Action item:
This exercise calls for every line of the listing below that contains the word "destruct".

****************************************

Lemma continuity_2d_pt_craig_prim_kernel x t : continuity_2d_pt craig_prim_kernel x t.
Proof.
  destruct (Req_dec t 0) as [-> | Ht].
  - apply (continuity_2d_pt_vanishing _ _ (sqrt PI / 2)).
    exists (mkposreal _ Rlt_0_1). intros u v _ _. unfold craig_prim_kernel, Rdiv.
    rewrite !Rabs_mult, Rabs_inv, (Rabs_pos_eq (1 + v ^ 2)) by (left; apply one_plus_sq_pos).
    assert (H1 := Rabs_gauss_le_sqrt_PI (u * / v)).
    assert (H2 : / (1 + v ^ 2) <= 1)
      by (rewrite <- Rinv_1; apply Rinv_le_contravar; [lra | generalize (pow2_ge_0 v); lra]).
    apply Rle_trans with (Rabs v * Rabs (gauss (u * / v)) * 1).
    + apply Rmult_le_compat_l; [apply Rmult_le_pos; apply Rabs_pos | exact H2].
    + rewrite Rmult_1_r, (Rmult_comm (sqrt PI / 2)).
      apply Rmult_le_compat_l; [apply Rabs_pos | exact H1].
  - unfold craig_prim_kernel. continuity_2d; [exact Ht |].
    generalize (one_plus_sq_pos t). cbn [pow]. lra.
Qed.

Lemma ex_RInt_tail_kernel x a b : 0 < x -> ex_RInt (tail_kernel x) a b.
Proof.
  intros Hx. apply (ex_RInt_continuous (V := R_CompleteNormedModule)). intros r _.
  apply continuous_of_continuity_2d_pt, continuity_2d_pt_tail_kernel, Hx.
Qed.

Lemma ex_RInt_craig_kernel x a b : 0 < x -> ex_RInt (craig_kernel x) a b.
Proof.
  intros Hx. apply (ex_RInt_continuous (V := R_CompleteNormedModule)). intros r _.
  apply continuous_of_continuity_2d_pt, continuity_2d_pt_craig_kernel, Hx.
Qed.

Lemma ex_RInt_craig_prim_kernel x a b : ex_RInt (craig_prim_kernel x) a b.
Proof.
  apply (ex_RInt_continuous (V := R_CompleteNormedModule)). intros r _.
  apply continuous_of_continuity_2d_pt, continuity_2d_pt_craig_prim_kernel.
Qed.

(* The substitution s = x / r turns this into an integral of [exp (- s ^ 2)]. *)
Lemma RInt_tail_kernel_from x a :
  0 < x -> 0 < a -> RInt (tail_kernel x) a 1 = gauss_tail x / x - gauss_tail (x / a) / x.
Proof.
  intros Hx Ha.
  replace (gauss_tail x / x) with (gauss_tail (x / 1) / x) by (rewrite Rdiv_1_r; reflexivity).
  apply is_RInt_unique, (is_RInt_derive (fun r => gauss_tail (x / r) / x)).
  - intros r Hr. assert (Hr0 : 0 < r) by (generalize (Rmin_glb_lt a 1 0 Ha Rlt_0_1); lra).
    auto_derive; [smooth; lra |].
    rewrite_Derive. unfold tail_kernel, Rdiv. cbn [pow]. field. lra.
  - intros r _. apply continuous_of_continuity_2d_pt, continuity_2d_pt_tail_kernel, Hx.
Qed.

Lemma RInt_tail_kernel x : 0 < x -> RInt (tail_kernel x) 0 1 = gauss_tail x / x.
Proof.
  intros Hx. assert (Hx4 : 0 < x ^ 4) by (apply pow_lt, Hx).
  apply Rminus_diag_uniq, (eq_0_of_abs_le_small _ (4 / x ^ 4 + 2 / x ^ 3)). intros a Ha.
  rewrite <- (RInt_Chasles (V := R_CompleteNormedModule) _ 0 a 1) by apply ex_RInt_tail_kernel, Hx.
  change (plus ?u ?v) with (u + v). rewrite RInt_tail_kernel_from by lra.
  match goal with |- Rabs ?e <= _ =>
    replace e with (RInt (tail_kernel x) 0 a - gauss_tail (x / a) / x) by ring end.
  eapply Rle_trans; [apply Rabs_triang |]. rewrite Rabs_Ropp, Rmult_plus_distr_r.
  apply Rplus_le_compat.
  - eapply Rle_trans.
    + apply abs_RInt_le_const with (M := 4 / x ^ 4); [lra | apply ex_RInt_tail_kernel, Hx |].
      intros r Hr. destruct (tail_kernel_bounds x r) as [H1 H2]; [lra |].
      rewrite Rabs_pos_eq by exact H1. eapply Rle_trans; [exact H2 |].
      rewrite <- (Rmult_1_r (4 / x ^ 4)) at 2.
      apply Rmult_le_compat_l; [apply Rdiv_le_0_compat; lra | nra].
    + lra.
  - assert (Hxa : 0 < x / a) by (apply Rdiv_lt_0_compat; lra).
    destruct (gauss_tail_bounds (x / a)) as [H1 H2]; [lra |].
    assert (H3 := exp_neg_le_inv _ (pow_lt _ 2 Hxa)).
    unfold Rdiv at 1.
    rewrite Rabs_mult, Rabs_pos_eq, Rabs_pos_eq by (try (left; apply Rinv_0_lt_compat); lra).
    replace (/ (x / a) ^ 2) with (a ^ 2 / x ^ 2) in H3 by (field; lra).
    apply Rle_trans with (2 * (a ^ 2 / x ^ 2) * / x).
    + apply Rmult_le_compat_r; [left; apply Rinv_0_lt_compat |]; lra.
    + replace (2 * (a ^ 2 / x ^ 2) * / x) with (2 / x ^ 3 * a * a) by (field; lra).
      assert (0 < 2 / x ^ 3) by (apply Rdiv_lt_0_compat; [lra | apply pow_lt, Hx]).
      rewrite <- (Rmult_1_r (2 / x ^ 3 * a)) at 2.
      apply Rmult_le_compat_l; [apply Rmult_le_pos |]; lra.
Qed.

Definition craig x := RInt (craig_kernel x) 0 1.

Lemma is_derive_craig x : 0 < x -> is_derive craig x (2 * x * craig x - 2 * gauss_tail x).
Proof.
  intros Hx.
  assert (E : @eq R (RInt (fun r => Derive (fun z => craig_kernel z r) x) 0 1)
                    (2 * x * craig x - 2 * gauss_tail x)).
  { rewrite (RInt_ext (V := R_CompleteNormedModule) _
               (fun r => -2 * x * (tail_kernel x r - craig_kernel x r)))
      by (intros r _; apply is_derive_unique, is_derive_craig_kernel).
    assert (Ht := ex_RInt_tail_kernel x 0 1 Hx). assert (Hc := ex_RInt_craig_kernel x 0 1 Hx).
    rewrite RInt_scal_R, RInt_minus_R, RInt_tail_kernel
      by first [ exact Hx | exact Ht | exact Hc
               | apply (ex_RInt_minus (V := R_NormedModule)); assumption ].
    unfold craig. field. lra. }
  rewrite <- E. apply (is_derive_RInt_param craig_kernel).
  - apply filter_forall. intros z r _. eexists. apply is_derive_craig_kernel.
  - intros r _.
    apply (continuity_2d_pt_ext (fun u v => -2 * u * (tail_kernel u v - craig_kernel u v))).
    { intros u v. symmetry. apply is_derive_unique, is_derive_craig_kernel. }
    apply continuity_2d_pt_mult;
      [apply continuity_2d_pt_mult; [apply continuity_2d_pt_const | apply continuity_2d_pt_id1] |].
    apply continuity_2d_pt_minus;
      [apply continuity_2d_pt_tail_kernel | apply continuity_2d_pt_craig_kernel]; exact Hx.
  - generalize (locally_pos x Hx). apply filter_imp. intros y Hy. apply ex_RInt_craig_kernel, Hy.
Qed.

Lemma craig_bounds x : 0 < x -> 0 <= craig x <= 1.
Proof.
  intros Hx. assert (Hex := ex_RInt_craig_kernel x 0 1 Hx). unfold craig. split.
  - apply RInt_ge_0; [lra | exact Hex |]. intros r _. apply craig_kernel_bounds.
  - apply Rle_trans with (RInt (fun _ => 1) 0 1).
    + apply RInt_le; [lra | exact Hex | apply ex_RInt_const |].
      intros r _. apply craig_kernel_bounds.
    + rewrite RInt_const. change ((1 - 0) * 1 <= 1). lra.
Qed.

****************************************

Task result:
  destruct (Req_dec t 0) as [-> | Ht].
      intros r Hr. destruct (tail_kernel_bounds x r) as [H1 H2]; [lra |].
    destruct (gauss_tail_bounds (x / a)) as [H1 H2]; [lra |].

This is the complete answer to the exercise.